- [What you have to do]:
Please copy, word for word, the line that contains "by move=> [P [Q" and every line after it through the end of the records, and nothing more.

#### Data to use ####

Lemma double_counting (T1 T2 : finType) (A : {set T1}) (B : {set T2})
    (R : T1 -> T2 -> bool) :
  (\sum_(x in A) #|[set y in B | R x y]| = \sum_(y in B) #|[set x in A | R x y]|)%N.
Proof.
have cardE (T : finType) (D : {set T}) (P : pred T) :
    #|[set z in D | P z]| = (\sum_(z in D) P z)%N.
  by rewrite -sum1_card big_mkcond [RHS]big_mkcond; apply: eq_bigr => z _;
     rewrite inE; case: (z \in D); case: (P z).
under eq_bigr do rewrite cardE.
under [RHS]eq_bigr do rewrite cardE.
exact: exchange_big.
Qed.

Lemma geq_bigminn_cond (I : finType) (P : pred I) (f : I -> nat) d i0 :
  P i0 -> (\big[minn/d]_(i | P i) f i <= f i0)%N.
Proof.
move=> Pi0; have : i0 \in index_enum I by rewrite mem_index_enum.
elim: (index_enum I) => //= a s IHs; rewrite in_cons big_cons.
case/orP => [/eqP <- | i0s]; first by rewrite Pi0 geq_minl.
by case: (P a); rewrite ?geq_min IHs ?orbT.
Qed.

Lemma leq_bigminn (I : finType) (P : pred I) (f : I -> nat) d m :
  (m <= d)%N -> (forall i, P i -> m <= f i)%N -> (m <= \big[minn/d]_(i | P i) f i)%N.
Proof. by move=> md mf; elim/big_ind: _ => // x y mx my; rewrite leq_min mx my. Qed.

Section ProjectivePoints.
Variables (F : finFieldType) (N : nat).
Local Notation pt := (point F N).
Local Open Scope ring_scope.

Lemma pvec_neq0 (P : pt) : pvec P != 0.
Proof.
case: P => v v_normal; have /existsP [i /andP [/eqP vi _]] := v_normal.
rewrite /pvec /=; apply/eqP => v0; move: vi.
by rewrite v0 mxE => /eqP; rewrite eq_sym oner_eq0.
Qed.

Lemma exists_pvec_eqmx (v : 'rV[F]_N.+1) : v != 0 -> exists P : pt, (pvec P == v)%MS.
Proof.
move=> v_neq0.
have [i0 vi0] : exists i, v 0 i != 0.
  apply/existsP; apply: contraR v_neq0 => /existsPn v0; apply/eqP/rowP => j.
  by rewrite mxE; apply/eqP/negPn/v0.
have [i vi i_min] :=
  @arg_minnP _ i0 (fun j => v 0 j != 0) (fun j : 'I_N.+1 => j : nat) vi0.
have w_normal : pnormal ((v 0 i)^-1 *: v).
  apply/existsP; exists i; rewrite !mxE mulVf // eqxx /=.
  apply/forallP => j; apply/implyP => ji; rewrite mxE.
  have [-> | vj] := eqVneq (v 0 j) 0; first by rewrite mulr0.
  by have := i_min j vj; rewrite leqNgt ji.
exists (exist _ ((v 0 i)^-1 *: v) w_normal); apply/eqmxP; apply: eqmx_scale.
by rewrite invr_eq0.
Qed.

(* Both representatives are normalized, so the scalar relating them is 1. *)
Lemma pvec_eqmx_inj (P Q : pt) : (pvec P == pvec Q)%MS -> P = Q.
Proof.
move=> /andP [/sub_rVP [c Pc] _]; apply: val_inj.
case: P Q Pc => [p p_normal] [u u_normal]; rewrite /pvec /= => Pc.
have /existsP [i /andP [/eqP pi /forallP p0]] := p_normal.
have /existsP [k /andP [/eqP uk /forallP u0]] := u_normal.
have pE j : p 0 j = c * u 0 j by rewrite Pc mxE.
case: (ltngtP i k) => [ik | ki | /val_inj ik].
- move: pi; rewrite pE (eqP (implyP (u0 i) ik)) mulr0 => /eqP.
  by rewrite eq_sym oner_eq0.
- move: pi; have := eqP (implyP (p0 k) ki); rewrite !pE uk mulr1 => ->.
  by rewrite mul0r => /eqP; rewrite eq_sym oner_eq0.
- have c1 : c = 1 by move: (pE i); rewrite pi ik uk mulr1.
  by rewrite Pc c1 scale1r.
Qed.

Lemma pvec_sub_inj (P Q : pt) : (pvec P <= pvec Q)%MS -> P = Q.
Proof.
move=> PQ; apply: pvec_eqmx_inj.
by have [_ <-] := mxrank_leqif_eq PQ; rewrite !rank_rV !pvec_neq0.
Qed.

Lemma card_rowspace m (U : 'M[F]_(m, N.+1)) :
  #|[set v : 'rV[F]_N.+1 | (v <= U)%MS]| = (#|F| ^ \rank U)%N.
Proof.
have -> : [set v : 'rV[F]_N.+1 | (v <= U)%MS] =
          [set x *m row_base U | x : 'rV[F]_(\rank U)].
  apply/setP => v; rewrite inE; apply/idP/imsetP => [|[x _ ->]].
    by rewrite -(eq_row_base U) => /submxP [x ->]; exists x.
  by rewrite (submx_trans (submxMl _ _)) // eq_row_base.
by rewrite card_imset ?card_mx ?mul1n //; apply: row_free_inj (row_base_free U).
Qed.

(* Each nonzero vector of the row space is a unique nonzero multiple of a
   unique normalized representative. *)
Lemma card_points_sub_mul m (U : 'M[F]_(m, N.+1)) :
  (#|[set P : pt | (pvec P <= U)%MS]| * (#|F| - 1))%N = (#|F| ^ \rank U - 1)%N.
Proof.
set A := [set P : pt | (pvec P <= U)%MS].
set C := [set c : F | c != 0].
have cardC : #|C| = (#|F| - 1)%N.
  by rewrite subn1 -(cardsC1 (0 : F)); apply: eq_card => c; rewrite !inE.
have nonzero_vectors : [set v : 'rV[F]_N.+1 | (v <= U)%MS & v != 0] =
                       [set cP.1 *: pvec cP.2 | cP in setX C A].
  apply/setP => v; rewrite inE; apply/andP/imsetP => [[vU v_neq0] | [[c P]]].
    have [P /andP [Pv /sub_rVP [c vc]]] := exists_pvec_eqmx v_neq0.
    exists (c, P) => //; rewrite !inE /= (submx_trans Pv vU) andbT.
    by apply: contraNneq v_neq0 => c0; rewrite vc c0 scale0r.
  rewrite !inE /= => /andP [c_neq0 PU] ->.
  by rewrite scalemx_sub // scaler_eq0 negb_or c_neq0 pvec_neq0.
have : #|[set v : 'rV[F]_N.+1 | (v <= U)%MS & v != 0]| = (#|F| ^ \rank U - 1)%N.
  rewrite -card_rowspace (cardsD1 0 [set v : 'rV_N.+1 | (v <= U)%MS]).
  rewrite inE sub0mx add1n subn1 /=.
  by apply: eq_card => v; rewrite !inE andbC.
rewrite nonzero_vectors card_in_imset ?cardsX ?cardC 1?mulnC //.
move=> [c P] [d Q]; rewrite !inE /= => /andP [c_neq0 _] /andP [d_neq0 _] cPdQ.
have PQ : P = Q.
  apply: pvec_eqmx_inj; apply/andP; split; apply/sub_rVP.
    by exists (c^-1 * d); rewrite -scalerA -cPdQ scalerA mulVf // scale1r.
  by exists (d^-1 * c); rewrite -scalerA cPdQ scalerA mulVf // scale1r.
rewrite -{}PQ in cPdQ *; congr (_, _); apply/eqP; rewrite -subr_eq0.
have : (c - d) *: pvec P == 0 by rewrite scalerBl cPdQ subrr.
by rewrite scaler_eq0 (negbTE (pvec_neq0 P)) orbF.
Qed.

Lemma card_points_sub m (U : 'M[F]_(m, N.+1)) :
  #|[set P : pt | (pvec P <= U)%MS]| = (\sum_(i < \rank U) #|F| ^ i)%N.
Proof.
have q_gt1 := card_finField_gt1 F.
apply/eqP; rewrite -(eqn_pmul2r (_ : 0 < #|F| - 1)%N) ?subn_gt0 //.
by rewrite card_points_sub_mul geometric_sum_mul // ltnW.
Qed.

Lemma card_points : #|[set: pt]| = (\sum_(i < N.+1) #|F| ^ i)%N.
Proof.
have := card_points_sub (1%:M : 'M[F]_N.+1); rewrite mxrank1 => <-.
by apply: eq_card => P; rewrite !inE submx1.
Qed.

End ProjectivePoints.

Section Lines.
Variables (F : finFieldType) (N : nat).
Local Notation pt := (point F N).
Local Open Scope ring_scope.

Lemma span2P (u w v : 'rV[F]_N.+1) :
  reflect (exists a b, v = a *: u + b *: w) (v <= col_mx u w)%MS.
Proof.
rewrite -addsmxE; apply: (iffP sub_addsmxP) => [[[x y] /= ->] | [a [b ->]]].
  exists (x 0 0), (y 0 0).
  by rewrite {1}[x]mx11_scalar {1}[y]mx11_scalar !mul_scalar_mx.
by exists (a%:M, b%:M); rewrite /= !mul_scalar_mx.
Qed.

Lemma mem_pline (R P Q : pt) :
  (R \in pline P Q) = (pvec R <= col_mx (pvec P) (pvec Q))%MS.
Proof. by rewrite inE. Qed.

Lemma pline_l (P Q : pt) : P \in pline P Q.
Proof. by rewrite inE -addsmxE addsmxSl. Qed.

Lemma pline_r (P Q : pt) : Q \in pline P Q.
Proof. by rewrite inE -addsmxE addsmxSr. Qed.

Lemma rank_pline (P Q : pt) : P != Q -> \rank (col_mx (pvec P) (pvec Q)) = 2%N.
Proof.
move=> PQ; apply/eqP; rewrite eqn_leq rank_leq_row /=.
have sP : (pvec P <= col_mx (pvec P) (pvec Q))%MS by rewrite -mem_pline pline_l.
rewrite ltnNge; apply: contra PQ => rank_le1.
have /eqmxP eqP_PQ : (pvec P == col_mx (pvec P) (pvec Q))%MS.
  by rewrite -(geq_leqif (mxrank_leqif_eq sP)) rank_rV pvec_neq0.
by apply/eqP/esym/pvec_sub_inj; rewrite eqP_PQ -mem_pline pline_r.
Qed.

Lemma pline_eq (P Q X Y : pt) : P != Q -> X != Y ->
  X \in pline P Q -> Y \in pline P Q -> pline X Y = pline P Q.
Proof.
move=> PQ XY; rewrite !mem_pline => XPQ YPQ.
have sub : (col_mx (pvec X) (pvec Y) <= col_mx (pvec P) (pvec Q))%MS.
  by rewrite col_mx_sub XPQ YPQ.
have /eqmxP eqXY_PQ : (col_mx (pvec X) (pvec Y) == col_mx (pvec P) (pvec Q))%MS.
  by rewrite -(geq_leqif (mxrank_leqif_eq sub)) !rank_pline.
by apply/setP => R; rewrite !mem_pline eqXY_PQ.
Qed.

Lemma plinesP (l : {set pt}) :
  reflect (exists P Q, P != Q /\ l = pline P Q) (l \in plines F N).
Proof.
rewrite inE; apply: (iffP existsP).
  by move=> [P /existsP [Q /andP [PQ /eqP ->]]]; exists P, Q.
by move=> [P [Q [PQ ->]]]; exists P; apply/existsP; exists Q; rewrite PQ eqxx.
Qed.

Lemma pline_plines (P Q : pt) : P != Q -> pline P Q \in plines F N.
Proof. by move=> PQ; apply/plinesP; exists P, Q. Qed.

Lemma plines_eq (l : {set pt}) (X Y : pt) : l \in plines F N -> X != Y ->
  X \in l -> Y \in l -> l = pline X Y.
Proof. by move=> /plinesP [P [Q [PQ ->]]] XY Xl Yl; rewrite (pline_eq PQ XY). Qed.

Lemma pline_collinear (P Q R : pt) : R \in pline P Q -> pcollinear P Q R.
Proof.
rewrite mem_pline /pcollinear => RPQ.
have sub : (col_mx (pvec P) (col_mx (pvec Q) (pvec R)) <= col_mx (pvec P) (pvec Q))%MS.
  by rewrite !col_mx_sub RPQ -!mem_pline pline_l pline_r.
exact: leq_trans (mxrankS sub) (rank_leq_row _).
Qed.

Definition secant (S l : {set pt}) := (l \in plines F N) && (1 < #|l :&: S|)%N.

Lemma secant_pline (S : {set pt}) (X Y : pt) : X \in S -> Y \in S -> X != Y ->
  secant S (pline X Y).
Proof.
move=> XS YS XY; rewrite /secant pline_plines //.
by apply/card_gt1P; exists X, Y; rewrite !inE -!mem_pline pline_l pline_r XS YS.
Qed.

Lemma secant_plineP (S l : {set pt}) :
  secant S l -> exists X Y, [/\ X \in S, Y \in S, X != Y & l = pline X Y].
Proof.
move=> /andP [l_line /card_gt1P [X [Y [/setIP [Xl XS] /setIP [Yl YS] XY]]]].
by exists X, Y; rewrite (plines_eq l_line XY Xl Yl).
Qed.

####

- [Output for this task]:
by move=> [P [Q [PQ ->]]]; exists P; apply/existsP; exists Q; rewrite PQ eqxx.
Qed.

Lemma pline_plines (P Q : pt) : P != Q -> pline P Q \in plines F N.
Proof. by move=> PQ; apply/plinesP; exists P, Q. Qed.

Lemma plines_eq (l : {set pt}) (X Y : pt) : l \in plines F N -> X != Y ->
  X \in l -> Y \in l -> l = pline X Y.
Proof. by move=> /plinesP [P [Q [PQ ->]]] XY Xl Yl; rewrite (pline_eq PQ XY). Qed.

Lemma pline_collinear (P Q R : pt) : R \in pline P Q -> pcollinear P Q R.
Proof.
rewrite mem_pline /pcollinear => RPQ.
have sub : (col_mx (pvec P) (col_mx (pvec Q) (pvec R)) <= col_mx (pvec P) (pvec Q))%MS.
  by rewrite !col_mx_sub RPQ -!mem_pline pline_l pline_r.
exact: leq_trans (mxrankS sub) (rank_leq_row _).
Qed.

Definition secant (S l : {set pt}) := (l \in plines F N) && (1 < #|l :&: S|)%N.

Lemma secant_pline (S : {set pt}) (X Y : pt) : X \in S -> Y \in S -> X != Y ->
  secant S (pline X Y).
Proof.
move=> XS YS XY; rewrite /secant pline_plines //.
by apply/card_gt1P; exists X, Y; rewrite !inE -!mem_pline pline_l pline_r XS YS.
Qed.

Lemma secant_plineP (S l : {set pt}) :
  secant S l -> exists X Y, [/\ X \in S, Y \in S, X != Y & l = pline X Y].
Proof.
move=> /andP [l_line /card_gt1P [X [Y [/setIP [Xl XS] /setIP [Yl YS] XY]]]].
by exists X, Y; rewrite (plines_eq l_line XY Xl Yl).
Qed.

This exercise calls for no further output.